> What needs to be done: Go through the following data and transcribe exactly the stretch of lines from the one holding "by rewrite exchange_big;" to the one holding "by apply: eq_bigr => y _ /=; ring.", both included.

> Dataset entries:
(* Let $G=(V,E)$ be a simple, connected graph. Then there exists a partition $V = A \cup B \cup C$ into pairwise disjoint sets ($C$ possibly empty) such that: (1) every $v \in A$ satisfies $d_B(v) \geq d_A(v) + \max\{1, d_C(v)\}$; (2) every $v \in B$ satisfies $d_A(v) \geq d_B(v) + \max\{1, d_C(v)\}$; (3) no two vertices of $C$ are joined by an edge, i.e. $d_C(v) = 0$ for all $v \in C$; (4) every $v \in C$ satisfies $d_A(v) = d_B(v)$; (5) $\# E(A \cup B, C) + 2\# E(A,A) + 2\# E(B,B) \leq 2\# E(A,B)$.
   Context: For a vertex $v$ and a set $S \subseteq V$, $d_S(v)$ denotes the number of neighbors of $v$ lying in $S$. For disjoint $X, Y \subseteq V$, $\# E(X,Y)$ is the number of edges with one endpoint in $X$ and the other in $Y$; $\# E(X,X)$ is the number of edges with both endpoints in $X$. *)

From mathcomp Require Import all_boot.
Set Implicit Arguments. Unset Strict Implicit. Unset Printing Implicit Defensive.

Definition simple_graph (T : finType) (e : rel T) : Prop :=
  symmetric e /\ irreflexive e.

Definition connected_graph (T : finType) (e : rel T) : Prop :=
  forall x y : T, connect e x y.

Definition deg_in (T : finType) (e : rel T) (S : {set T}) (v : T) : nat :=
  #|[set u in S | e v u]|.

Definition edges (T : finType) (e : rel T) : {set {set T}} :=
  [set E : {set T} | [exists x, exists y, e x y && (E == [set x; y])]].

Definition nedges_between (T : finType) (e : rel T) (X Y : {set T}) : nat :=
  #|[set E in edges e | [exists x in X, exists y in Y, E == [set x; y]]]|.

Definition nedges_within (T : finType) (e : rel T) (X : {set T}) : nat :=
  #|[set E in edges e | E \subset X]|.

From mathcomp Require Import all_boot all_order all_algebra.
From mathcomp Require Import zify ring.
Set Implicit Arguments. Unset Strict Implicit. Unset Printing Implicit Defensive.
Import Order.TTheory GRing.Theory.

(* Encode a partition by spins h = +1 on A, -1 on B, 0 on C, and let the energy be
   the sum of h(x) h(y) over ordered pairs of adjacent vertices, that is
   2 (#E(A,A) + #E(B,B) - #E(A,B)).  Take a partition with C independent that
   minimises the energy and, among those, maximises |C|.  Moving a vertex of C
   into A or into B changes the energy by +-2 (d_A - d_B), which gives (4).
   Moving a vertex v of A into C, together with its C-neighbours into A, changes
   it by -2 (d_A(v) - d_B(v)) - 2 d_C(v), the moved neighbours being balanced by
   (4); this gives (1), strictly when d_C(v) = 0 since then |C| grows.  (2) is
   symmetric, and (5) follows by summing (1) and (2) over A and B. *)

Section Energy.
Local Open Scope ring_scope.
Variables (T : finType) (e : rel T).
Hypotheses (e_sym : symmetric e) (e_irr : irreflexive e).

Definition energy (h : T -> int) : int := \sum_x \sum_y (e x y)%:R * h x * h y.

Definition nbr_sum (h : T -> int) (x : T) : int := \sum_y (e x y)%:R * h y.

Lemma eq_energy h1 h2 : h1 =1 h2 -> energy h1 = energy h2.
Proof. by move=> eq_h; apply: eq_bigr => x _; apply: eq_bigr => y _; rewrite !eq_h. Qed.

Lemma energyD (h t : T -> int) :
  energy (fun x => h x + t x) = energy h + 2 * \sum_x t x * nbr_sum h x + energy t.
Proof.
have cross : \sum_x \sum_y (e x y)%:R * t x * h y = \sum_x t x * nbr_sum h x.
  by apply: eq_bigr => x _; rewrite mulr_sumr; apply: eq_bigr => y _; ring.
have swap : \sum_x \sum_y (e x y)%:R * h x * t y = \sum_x \sum_y (e x y)%:R * t x * h y.
  by rewrite exchange_big; apply: eq_bigr => y _; apply: eq_bigr => x _; rewrite e_sym; ring.
have -> : energy (fun x => h x + t x) =
    energy h + \sum_x \sum_y (e x y)%:R * t x * h y
    + \sum_x \sum_y (e x y)%:R * h x * t y + energy t.
  rewrite /energy -!big_split; apply: eq_bigr => x _; rewrite -!big_split.
  by apply: eq_bigr => y _ /=; ring.
by rewrite swap cross; ring.
Qed.

Lemma energy_eq0 (t : T -> int) :
  (forall x y, t x != 0 -> t y != 0 -> ~~ e x y) -> energy t = 0.
Proof.
move=> indep; apply: big1 => x _; apply: big1 => y _.
have [->|tx] := eqVneq (t x) 0; first by rewrite mulr0 mul0r.
have [->|ty] := eqVneq (t y) 0; first by rewrite mulr0.
by rewrite (negbTE (indep _ _ tx ty)) !mul0r.
Qed.

Lemma energyD_delta (h : T -> int) v c :
  energy (fun x => h x + (x == v)%:R * c) = energy h + 2 * c * nbr_sum h v.
Proof.
rewrite energyD (@energy_eq0 (fun x => (x == v)%:R * c)); last first.
  move=> x y; have [->|] := eqVneq x v; last by rewrite mul0r eqxx.
  by have [->|] := eqVneq y v; [rewrite e_irr | rewrite mul0r eqxx].
rewrite addr0 (bigD1 v) //= big1 ?addr0 ?eqxx ?mul1r ?mulrA //.
by move=> x /negbTE ->; rewrite !mul0r.
Qed.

> Response area:
  by rewrite exchange_big; apply: eq_bigr => y _; apply: eq_bigr => x _; rewrite e_sym; ring.
have -> : energy (fun x => h x + t x) =
    energy h + \sum_x \sum_y (e x y)%:R * t x * h y
    + \sum_x \sum_y (e x y)%:R * h x * t y + energy t.
  rewrite /energy -!big_split; apply: eq_bigr => x _; rewrite -!big_split.
  by apply: eq_bigr => y _ /=; ring.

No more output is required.